Problem: A stretch of the entries below is to be set down exactly, running from the line with "have h1 : frob" through the line with "exists (\sum_(k < j.+1)", both included, and no other line.
++++++
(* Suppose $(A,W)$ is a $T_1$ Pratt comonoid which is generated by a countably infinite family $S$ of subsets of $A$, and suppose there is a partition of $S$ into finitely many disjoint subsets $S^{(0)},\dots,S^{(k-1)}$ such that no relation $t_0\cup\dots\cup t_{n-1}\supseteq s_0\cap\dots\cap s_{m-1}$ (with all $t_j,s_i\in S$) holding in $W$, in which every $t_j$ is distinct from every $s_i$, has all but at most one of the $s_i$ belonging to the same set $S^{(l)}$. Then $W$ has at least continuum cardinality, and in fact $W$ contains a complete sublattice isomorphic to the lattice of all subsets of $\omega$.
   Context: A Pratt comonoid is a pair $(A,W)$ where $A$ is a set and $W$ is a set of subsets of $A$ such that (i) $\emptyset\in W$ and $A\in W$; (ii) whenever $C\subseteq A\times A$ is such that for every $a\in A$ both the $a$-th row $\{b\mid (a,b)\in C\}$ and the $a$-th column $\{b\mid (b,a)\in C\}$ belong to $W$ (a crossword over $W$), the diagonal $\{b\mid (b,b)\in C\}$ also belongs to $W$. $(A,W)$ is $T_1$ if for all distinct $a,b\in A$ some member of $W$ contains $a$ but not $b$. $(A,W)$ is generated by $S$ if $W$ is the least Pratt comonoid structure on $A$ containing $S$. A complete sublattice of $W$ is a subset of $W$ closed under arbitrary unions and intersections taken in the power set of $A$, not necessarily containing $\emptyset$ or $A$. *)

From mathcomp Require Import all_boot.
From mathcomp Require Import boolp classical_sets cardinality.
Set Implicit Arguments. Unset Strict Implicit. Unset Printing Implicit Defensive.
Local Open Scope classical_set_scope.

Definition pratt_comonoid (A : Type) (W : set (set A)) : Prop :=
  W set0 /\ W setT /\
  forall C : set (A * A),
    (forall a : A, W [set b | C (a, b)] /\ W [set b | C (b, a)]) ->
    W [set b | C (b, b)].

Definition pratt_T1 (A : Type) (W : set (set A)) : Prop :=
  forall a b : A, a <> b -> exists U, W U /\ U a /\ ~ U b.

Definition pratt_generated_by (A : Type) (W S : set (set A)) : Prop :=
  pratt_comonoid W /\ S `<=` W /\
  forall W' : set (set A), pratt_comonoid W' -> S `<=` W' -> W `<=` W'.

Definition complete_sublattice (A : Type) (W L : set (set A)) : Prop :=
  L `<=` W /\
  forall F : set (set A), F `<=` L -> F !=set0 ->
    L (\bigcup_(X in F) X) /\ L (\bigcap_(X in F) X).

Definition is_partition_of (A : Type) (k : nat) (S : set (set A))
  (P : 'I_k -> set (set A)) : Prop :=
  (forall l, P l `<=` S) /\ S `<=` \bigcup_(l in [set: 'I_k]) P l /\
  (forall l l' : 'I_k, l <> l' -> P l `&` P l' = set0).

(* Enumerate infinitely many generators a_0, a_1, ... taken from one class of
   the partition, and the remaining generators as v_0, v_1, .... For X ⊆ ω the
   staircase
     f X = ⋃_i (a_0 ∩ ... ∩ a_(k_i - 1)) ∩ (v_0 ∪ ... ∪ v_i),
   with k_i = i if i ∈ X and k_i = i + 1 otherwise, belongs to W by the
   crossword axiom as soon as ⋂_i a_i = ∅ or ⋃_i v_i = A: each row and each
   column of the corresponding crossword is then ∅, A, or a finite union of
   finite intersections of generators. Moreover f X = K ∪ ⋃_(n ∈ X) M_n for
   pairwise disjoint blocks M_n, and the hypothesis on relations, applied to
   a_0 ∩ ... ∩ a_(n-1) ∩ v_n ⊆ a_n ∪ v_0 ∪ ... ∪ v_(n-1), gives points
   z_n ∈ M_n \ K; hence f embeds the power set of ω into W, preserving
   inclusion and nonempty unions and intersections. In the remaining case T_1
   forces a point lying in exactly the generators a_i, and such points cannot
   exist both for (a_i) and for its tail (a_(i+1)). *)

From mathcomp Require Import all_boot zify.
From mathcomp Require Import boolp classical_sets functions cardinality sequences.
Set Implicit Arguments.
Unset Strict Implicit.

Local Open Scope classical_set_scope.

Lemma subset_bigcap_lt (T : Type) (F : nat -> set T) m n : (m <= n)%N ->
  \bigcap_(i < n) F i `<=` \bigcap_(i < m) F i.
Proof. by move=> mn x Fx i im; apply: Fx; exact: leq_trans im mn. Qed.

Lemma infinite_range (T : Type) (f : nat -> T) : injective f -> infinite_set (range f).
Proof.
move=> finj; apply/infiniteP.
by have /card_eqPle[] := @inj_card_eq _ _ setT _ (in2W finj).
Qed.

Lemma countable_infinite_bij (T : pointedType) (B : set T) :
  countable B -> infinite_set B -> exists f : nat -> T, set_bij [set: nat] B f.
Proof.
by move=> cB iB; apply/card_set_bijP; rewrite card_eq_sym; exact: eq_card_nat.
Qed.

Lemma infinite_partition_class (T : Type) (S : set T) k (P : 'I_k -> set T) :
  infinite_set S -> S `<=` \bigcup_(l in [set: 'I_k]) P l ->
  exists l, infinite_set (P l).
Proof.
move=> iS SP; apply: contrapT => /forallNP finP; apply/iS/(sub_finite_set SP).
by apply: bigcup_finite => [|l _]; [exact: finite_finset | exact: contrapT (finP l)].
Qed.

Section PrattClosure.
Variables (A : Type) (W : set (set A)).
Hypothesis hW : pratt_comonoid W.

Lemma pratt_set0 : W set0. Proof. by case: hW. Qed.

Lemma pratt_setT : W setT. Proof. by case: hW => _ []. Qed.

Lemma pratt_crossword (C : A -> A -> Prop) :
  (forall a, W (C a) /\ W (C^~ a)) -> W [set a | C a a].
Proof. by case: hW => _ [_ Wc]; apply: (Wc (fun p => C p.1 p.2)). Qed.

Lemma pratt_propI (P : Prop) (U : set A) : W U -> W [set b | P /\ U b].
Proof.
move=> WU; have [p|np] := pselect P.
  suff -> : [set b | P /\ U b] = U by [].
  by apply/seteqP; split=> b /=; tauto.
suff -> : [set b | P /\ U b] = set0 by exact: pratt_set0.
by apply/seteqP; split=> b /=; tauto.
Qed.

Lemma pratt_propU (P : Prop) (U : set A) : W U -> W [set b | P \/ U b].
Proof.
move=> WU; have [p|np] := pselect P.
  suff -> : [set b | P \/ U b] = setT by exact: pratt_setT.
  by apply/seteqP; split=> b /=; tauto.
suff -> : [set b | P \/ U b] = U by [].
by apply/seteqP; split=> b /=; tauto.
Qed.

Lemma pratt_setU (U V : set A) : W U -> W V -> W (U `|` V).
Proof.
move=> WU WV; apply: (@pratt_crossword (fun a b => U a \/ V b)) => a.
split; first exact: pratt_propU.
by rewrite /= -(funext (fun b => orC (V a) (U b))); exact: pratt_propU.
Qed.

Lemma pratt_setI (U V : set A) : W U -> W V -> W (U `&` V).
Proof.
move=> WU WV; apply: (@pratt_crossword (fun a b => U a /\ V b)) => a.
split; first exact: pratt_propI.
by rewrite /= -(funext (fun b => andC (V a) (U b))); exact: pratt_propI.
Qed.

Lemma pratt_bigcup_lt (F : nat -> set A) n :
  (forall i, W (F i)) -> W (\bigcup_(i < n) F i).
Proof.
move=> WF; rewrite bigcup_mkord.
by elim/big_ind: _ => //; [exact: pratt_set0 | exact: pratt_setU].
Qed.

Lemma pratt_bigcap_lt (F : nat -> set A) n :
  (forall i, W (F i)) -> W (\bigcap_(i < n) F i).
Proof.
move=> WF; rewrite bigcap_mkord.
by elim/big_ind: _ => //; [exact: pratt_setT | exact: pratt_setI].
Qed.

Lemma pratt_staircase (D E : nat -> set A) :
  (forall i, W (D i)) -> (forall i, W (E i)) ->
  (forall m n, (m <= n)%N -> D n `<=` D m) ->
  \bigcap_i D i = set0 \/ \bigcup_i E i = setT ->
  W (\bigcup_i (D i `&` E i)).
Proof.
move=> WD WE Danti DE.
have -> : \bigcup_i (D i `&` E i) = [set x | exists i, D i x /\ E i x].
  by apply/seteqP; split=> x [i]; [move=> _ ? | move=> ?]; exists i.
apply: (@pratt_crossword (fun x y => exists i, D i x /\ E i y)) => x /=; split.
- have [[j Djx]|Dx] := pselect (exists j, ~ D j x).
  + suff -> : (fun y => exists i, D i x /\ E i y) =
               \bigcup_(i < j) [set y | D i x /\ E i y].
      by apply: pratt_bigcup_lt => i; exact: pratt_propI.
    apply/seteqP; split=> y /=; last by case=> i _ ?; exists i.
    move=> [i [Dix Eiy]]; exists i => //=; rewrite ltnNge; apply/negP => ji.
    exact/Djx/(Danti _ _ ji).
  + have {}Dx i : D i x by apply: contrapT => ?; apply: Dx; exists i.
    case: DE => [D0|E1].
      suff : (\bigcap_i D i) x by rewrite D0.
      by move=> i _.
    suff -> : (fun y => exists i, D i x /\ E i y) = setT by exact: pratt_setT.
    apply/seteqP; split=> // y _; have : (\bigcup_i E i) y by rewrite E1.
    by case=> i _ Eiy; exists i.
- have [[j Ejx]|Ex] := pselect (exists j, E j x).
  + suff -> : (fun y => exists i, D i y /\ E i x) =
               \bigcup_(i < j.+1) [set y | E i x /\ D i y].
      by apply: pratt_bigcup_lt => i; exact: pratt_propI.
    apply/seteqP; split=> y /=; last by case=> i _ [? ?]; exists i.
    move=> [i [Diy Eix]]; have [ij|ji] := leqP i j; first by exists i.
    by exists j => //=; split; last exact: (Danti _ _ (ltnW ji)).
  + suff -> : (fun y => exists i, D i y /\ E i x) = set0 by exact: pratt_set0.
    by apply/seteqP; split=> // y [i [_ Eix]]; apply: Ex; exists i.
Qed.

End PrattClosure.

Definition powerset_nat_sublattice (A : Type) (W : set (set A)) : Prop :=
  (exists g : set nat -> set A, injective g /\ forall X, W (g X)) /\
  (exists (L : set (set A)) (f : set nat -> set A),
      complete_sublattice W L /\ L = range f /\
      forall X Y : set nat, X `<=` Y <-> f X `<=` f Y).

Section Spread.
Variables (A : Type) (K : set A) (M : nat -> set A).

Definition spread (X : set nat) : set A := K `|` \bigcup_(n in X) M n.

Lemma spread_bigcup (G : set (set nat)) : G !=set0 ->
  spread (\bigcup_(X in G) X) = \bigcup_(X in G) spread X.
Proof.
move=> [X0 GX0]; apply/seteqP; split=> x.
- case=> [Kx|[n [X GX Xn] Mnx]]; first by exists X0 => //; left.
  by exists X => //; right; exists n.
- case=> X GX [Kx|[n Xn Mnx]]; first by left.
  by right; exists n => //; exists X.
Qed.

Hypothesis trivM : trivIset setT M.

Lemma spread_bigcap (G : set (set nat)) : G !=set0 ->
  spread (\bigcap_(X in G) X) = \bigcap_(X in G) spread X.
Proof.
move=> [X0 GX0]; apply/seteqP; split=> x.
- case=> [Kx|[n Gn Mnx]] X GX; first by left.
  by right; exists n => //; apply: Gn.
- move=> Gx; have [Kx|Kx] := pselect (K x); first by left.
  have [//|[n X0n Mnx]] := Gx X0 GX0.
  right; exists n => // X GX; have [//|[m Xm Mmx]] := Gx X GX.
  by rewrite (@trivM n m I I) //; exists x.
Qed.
++++++
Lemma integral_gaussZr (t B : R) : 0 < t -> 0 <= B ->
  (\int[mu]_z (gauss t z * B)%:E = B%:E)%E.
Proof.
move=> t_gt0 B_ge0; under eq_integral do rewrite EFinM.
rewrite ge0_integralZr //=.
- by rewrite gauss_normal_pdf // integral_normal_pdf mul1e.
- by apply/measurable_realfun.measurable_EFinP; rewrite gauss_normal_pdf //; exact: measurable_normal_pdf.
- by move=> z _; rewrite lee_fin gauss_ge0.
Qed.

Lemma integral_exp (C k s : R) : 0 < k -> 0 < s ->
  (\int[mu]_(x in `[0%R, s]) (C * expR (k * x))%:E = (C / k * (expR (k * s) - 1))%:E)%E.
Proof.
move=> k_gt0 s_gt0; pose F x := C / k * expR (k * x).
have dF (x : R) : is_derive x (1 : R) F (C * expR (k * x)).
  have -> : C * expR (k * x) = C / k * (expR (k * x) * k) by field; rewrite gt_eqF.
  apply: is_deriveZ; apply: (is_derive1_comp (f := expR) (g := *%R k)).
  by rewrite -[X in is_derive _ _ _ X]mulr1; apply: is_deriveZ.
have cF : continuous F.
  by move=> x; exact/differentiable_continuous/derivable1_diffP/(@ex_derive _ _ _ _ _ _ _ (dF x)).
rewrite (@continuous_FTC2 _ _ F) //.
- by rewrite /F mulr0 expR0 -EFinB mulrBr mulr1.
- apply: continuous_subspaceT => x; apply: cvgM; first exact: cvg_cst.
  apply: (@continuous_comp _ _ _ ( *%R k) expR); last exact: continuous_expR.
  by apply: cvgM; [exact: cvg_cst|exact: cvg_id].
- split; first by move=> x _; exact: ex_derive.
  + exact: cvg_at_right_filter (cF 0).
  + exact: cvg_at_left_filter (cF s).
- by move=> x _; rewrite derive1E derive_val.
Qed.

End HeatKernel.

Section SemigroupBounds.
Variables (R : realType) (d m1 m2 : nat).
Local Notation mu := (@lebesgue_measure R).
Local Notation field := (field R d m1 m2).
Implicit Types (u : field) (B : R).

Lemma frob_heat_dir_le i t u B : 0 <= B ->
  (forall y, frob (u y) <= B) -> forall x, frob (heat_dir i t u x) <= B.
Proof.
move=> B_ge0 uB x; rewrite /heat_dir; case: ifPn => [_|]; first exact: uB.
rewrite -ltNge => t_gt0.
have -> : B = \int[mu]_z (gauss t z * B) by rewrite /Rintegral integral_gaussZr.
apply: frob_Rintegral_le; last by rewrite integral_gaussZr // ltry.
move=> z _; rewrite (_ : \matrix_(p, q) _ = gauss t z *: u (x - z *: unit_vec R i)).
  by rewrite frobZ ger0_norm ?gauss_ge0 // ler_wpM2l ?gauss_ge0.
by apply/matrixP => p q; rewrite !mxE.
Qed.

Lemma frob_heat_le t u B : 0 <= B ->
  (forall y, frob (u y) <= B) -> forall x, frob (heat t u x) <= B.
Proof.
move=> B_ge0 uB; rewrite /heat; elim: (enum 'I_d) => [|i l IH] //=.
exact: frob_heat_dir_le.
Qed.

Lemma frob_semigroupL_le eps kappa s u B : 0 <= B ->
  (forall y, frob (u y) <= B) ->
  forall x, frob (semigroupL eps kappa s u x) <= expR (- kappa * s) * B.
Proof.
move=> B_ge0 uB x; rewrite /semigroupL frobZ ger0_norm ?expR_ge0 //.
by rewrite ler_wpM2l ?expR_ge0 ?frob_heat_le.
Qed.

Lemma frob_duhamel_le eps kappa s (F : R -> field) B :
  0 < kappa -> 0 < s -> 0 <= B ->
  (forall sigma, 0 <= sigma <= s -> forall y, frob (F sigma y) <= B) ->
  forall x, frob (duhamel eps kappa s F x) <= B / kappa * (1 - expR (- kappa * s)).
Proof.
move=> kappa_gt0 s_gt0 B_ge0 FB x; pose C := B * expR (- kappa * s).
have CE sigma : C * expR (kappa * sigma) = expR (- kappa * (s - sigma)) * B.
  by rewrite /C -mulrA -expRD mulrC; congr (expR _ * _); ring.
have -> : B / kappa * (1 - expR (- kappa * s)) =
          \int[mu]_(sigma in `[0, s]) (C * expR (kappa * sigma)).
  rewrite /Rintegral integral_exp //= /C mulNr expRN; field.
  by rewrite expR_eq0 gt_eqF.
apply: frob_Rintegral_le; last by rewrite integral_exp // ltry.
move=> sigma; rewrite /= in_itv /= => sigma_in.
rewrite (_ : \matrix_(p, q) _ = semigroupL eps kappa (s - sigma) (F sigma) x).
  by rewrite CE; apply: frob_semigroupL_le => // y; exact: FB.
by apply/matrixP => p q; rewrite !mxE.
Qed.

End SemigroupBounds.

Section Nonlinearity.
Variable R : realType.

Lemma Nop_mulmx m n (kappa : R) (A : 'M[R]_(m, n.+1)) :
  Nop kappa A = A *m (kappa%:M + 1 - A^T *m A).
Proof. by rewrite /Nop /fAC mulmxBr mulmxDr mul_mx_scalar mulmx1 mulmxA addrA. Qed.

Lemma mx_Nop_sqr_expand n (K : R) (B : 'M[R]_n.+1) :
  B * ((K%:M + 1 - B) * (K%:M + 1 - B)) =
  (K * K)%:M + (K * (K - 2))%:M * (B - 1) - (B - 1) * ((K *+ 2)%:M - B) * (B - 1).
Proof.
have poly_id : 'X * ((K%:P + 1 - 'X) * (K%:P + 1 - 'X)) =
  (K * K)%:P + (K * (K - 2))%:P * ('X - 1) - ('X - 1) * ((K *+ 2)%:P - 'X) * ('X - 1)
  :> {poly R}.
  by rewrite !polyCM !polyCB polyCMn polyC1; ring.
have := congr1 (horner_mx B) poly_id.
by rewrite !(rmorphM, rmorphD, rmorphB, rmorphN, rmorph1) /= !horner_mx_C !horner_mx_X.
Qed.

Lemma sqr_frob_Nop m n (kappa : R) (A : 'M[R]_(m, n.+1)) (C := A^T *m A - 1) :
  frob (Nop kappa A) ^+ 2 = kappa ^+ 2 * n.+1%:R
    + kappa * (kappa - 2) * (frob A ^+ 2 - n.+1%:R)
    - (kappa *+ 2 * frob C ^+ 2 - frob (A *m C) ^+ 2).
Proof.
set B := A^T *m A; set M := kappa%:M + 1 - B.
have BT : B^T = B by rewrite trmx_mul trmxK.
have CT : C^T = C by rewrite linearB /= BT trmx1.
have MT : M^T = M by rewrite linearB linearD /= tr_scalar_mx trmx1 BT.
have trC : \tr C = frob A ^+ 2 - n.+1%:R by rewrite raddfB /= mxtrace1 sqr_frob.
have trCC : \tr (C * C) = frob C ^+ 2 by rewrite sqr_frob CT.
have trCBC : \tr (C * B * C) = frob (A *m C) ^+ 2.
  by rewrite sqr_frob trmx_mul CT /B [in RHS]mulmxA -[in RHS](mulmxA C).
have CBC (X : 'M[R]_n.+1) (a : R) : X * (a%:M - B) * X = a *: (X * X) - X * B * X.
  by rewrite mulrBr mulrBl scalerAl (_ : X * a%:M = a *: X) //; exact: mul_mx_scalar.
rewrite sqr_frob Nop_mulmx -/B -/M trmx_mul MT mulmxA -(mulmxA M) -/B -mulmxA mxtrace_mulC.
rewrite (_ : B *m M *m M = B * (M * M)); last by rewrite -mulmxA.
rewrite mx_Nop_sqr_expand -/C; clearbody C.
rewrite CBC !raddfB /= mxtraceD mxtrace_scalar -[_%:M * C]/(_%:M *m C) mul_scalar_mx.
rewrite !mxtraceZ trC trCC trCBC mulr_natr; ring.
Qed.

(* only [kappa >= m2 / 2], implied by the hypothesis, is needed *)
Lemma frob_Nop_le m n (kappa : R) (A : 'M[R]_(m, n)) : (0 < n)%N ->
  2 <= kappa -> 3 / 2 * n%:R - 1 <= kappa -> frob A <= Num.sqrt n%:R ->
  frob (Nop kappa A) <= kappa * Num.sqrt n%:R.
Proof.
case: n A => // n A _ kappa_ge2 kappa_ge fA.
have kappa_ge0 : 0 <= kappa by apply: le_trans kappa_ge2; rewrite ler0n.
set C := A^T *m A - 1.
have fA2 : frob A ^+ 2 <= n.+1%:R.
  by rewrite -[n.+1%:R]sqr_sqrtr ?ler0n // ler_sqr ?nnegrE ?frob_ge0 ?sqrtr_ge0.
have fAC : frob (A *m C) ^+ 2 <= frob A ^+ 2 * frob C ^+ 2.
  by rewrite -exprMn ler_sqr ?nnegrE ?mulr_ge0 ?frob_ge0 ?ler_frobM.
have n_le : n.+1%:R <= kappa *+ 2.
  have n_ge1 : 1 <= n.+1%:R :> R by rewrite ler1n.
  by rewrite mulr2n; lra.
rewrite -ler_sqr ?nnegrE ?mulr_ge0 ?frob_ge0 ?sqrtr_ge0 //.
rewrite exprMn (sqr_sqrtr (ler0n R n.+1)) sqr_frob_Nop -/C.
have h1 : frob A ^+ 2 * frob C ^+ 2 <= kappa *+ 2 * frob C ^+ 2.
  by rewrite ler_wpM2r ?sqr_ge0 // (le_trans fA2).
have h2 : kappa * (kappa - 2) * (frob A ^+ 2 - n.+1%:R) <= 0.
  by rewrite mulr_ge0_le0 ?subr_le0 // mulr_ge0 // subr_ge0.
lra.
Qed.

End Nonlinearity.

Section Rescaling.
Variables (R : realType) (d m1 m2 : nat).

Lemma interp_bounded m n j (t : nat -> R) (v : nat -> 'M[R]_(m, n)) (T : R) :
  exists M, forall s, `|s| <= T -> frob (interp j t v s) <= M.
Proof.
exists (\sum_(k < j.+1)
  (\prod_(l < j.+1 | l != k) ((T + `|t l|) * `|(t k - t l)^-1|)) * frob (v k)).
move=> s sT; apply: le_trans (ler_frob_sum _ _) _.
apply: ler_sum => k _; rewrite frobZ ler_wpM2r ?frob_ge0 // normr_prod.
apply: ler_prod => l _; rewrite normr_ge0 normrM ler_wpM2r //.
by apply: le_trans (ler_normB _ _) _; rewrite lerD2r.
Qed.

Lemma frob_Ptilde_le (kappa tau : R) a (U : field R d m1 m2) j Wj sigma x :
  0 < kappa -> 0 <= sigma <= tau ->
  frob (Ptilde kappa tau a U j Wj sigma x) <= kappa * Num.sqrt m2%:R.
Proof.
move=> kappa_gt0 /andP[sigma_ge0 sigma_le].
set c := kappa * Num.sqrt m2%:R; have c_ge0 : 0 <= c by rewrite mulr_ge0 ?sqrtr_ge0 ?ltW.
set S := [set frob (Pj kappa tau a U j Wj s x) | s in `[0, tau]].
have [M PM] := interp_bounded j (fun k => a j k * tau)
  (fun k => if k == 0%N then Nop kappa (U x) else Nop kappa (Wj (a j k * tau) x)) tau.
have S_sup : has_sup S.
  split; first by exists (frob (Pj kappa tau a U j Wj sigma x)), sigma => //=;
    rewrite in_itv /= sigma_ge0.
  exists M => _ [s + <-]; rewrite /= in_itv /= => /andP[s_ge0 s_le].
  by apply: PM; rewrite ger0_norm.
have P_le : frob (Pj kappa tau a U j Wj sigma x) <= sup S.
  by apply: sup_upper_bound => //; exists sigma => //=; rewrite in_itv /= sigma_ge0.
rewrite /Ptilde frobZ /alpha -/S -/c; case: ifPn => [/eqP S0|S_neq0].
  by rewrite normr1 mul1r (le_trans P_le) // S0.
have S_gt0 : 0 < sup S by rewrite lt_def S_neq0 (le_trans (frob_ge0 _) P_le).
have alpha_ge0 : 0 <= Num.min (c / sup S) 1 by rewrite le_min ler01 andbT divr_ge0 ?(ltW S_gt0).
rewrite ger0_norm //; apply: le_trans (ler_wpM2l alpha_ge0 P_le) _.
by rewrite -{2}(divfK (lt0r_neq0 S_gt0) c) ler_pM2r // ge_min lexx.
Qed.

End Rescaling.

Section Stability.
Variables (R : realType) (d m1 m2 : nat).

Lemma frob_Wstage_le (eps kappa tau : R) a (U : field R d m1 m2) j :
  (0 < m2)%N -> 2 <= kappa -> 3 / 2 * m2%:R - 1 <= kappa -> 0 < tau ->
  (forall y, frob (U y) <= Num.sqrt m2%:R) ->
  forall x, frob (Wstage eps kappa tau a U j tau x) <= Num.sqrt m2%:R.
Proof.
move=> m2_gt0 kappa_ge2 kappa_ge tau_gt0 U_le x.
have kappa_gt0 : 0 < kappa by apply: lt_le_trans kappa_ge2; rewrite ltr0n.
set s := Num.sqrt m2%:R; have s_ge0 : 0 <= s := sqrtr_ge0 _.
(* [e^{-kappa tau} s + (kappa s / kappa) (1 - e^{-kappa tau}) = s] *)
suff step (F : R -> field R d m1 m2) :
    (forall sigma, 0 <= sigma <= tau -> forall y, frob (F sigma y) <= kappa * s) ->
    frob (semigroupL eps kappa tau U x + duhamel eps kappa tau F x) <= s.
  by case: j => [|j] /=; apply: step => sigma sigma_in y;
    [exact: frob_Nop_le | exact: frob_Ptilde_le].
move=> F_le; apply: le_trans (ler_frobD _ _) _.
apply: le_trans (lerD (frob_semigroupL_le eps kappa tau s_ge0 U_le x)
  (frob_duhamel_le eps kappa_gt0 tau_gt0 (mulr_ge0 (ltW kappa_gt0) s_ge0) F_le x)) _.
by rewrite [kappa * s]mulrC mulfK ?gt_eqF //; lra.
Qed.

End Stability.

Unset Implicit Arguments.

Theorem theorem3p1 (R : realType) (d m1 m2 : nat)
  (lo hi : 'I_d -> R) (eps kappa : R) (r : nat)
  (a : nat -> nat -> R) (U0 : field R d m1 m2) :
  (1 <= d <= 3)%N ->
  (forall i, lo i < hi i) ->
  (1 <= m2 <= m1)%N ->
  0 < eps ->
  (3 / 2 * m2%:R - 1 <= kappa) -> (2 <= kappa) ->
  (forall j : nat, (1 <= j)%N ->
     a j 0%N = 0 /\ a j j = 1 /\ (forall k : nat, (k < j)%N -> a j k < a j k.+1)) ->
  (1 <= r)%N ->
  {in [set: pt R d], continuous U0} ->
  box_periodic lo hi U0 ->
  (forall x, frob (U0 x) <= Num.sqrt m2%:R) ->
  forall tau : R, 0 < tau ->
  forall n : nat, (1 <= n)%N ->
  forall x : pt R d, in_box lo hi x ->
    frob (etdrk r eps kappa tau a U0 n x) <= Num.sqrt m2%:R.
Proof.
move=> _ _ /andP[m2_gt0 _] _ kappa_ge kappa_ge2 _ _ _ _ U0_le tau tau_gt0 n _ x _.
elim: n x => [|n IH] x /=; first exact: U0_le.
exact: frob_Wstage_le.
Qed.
++++++
Result of this exercise:
have h1 : frob A ^+ 2 * frob C ^+ 2 <= kappa *+ 2 * frob C ^+ 2.
  by rewrite ler_wpM2r ?sqr_ge0 // (le_trans fA2).
have h2 : kappa * (kappa - 2) * (frob A ^+ 2 - n.+1%:R) <= 0.
  by rewrite mulr_ge0_le0 ?subr_le0 // mulr_ge0 // subr_ge0.
lra.
Qed.

End Nonlinearity.

Section Rescaling.
Variables (R : realType) (d m1 m2 : nat).

Lemma interp_bounded m n j (t : nat -> R) (v : nat -> 'M[R]_(m, n)) (T : R) :
  exists M, forall s, `|s| <= T -> frob (interp j t v s) <= M.
Proof.
exists (\sum_(k < j.+1)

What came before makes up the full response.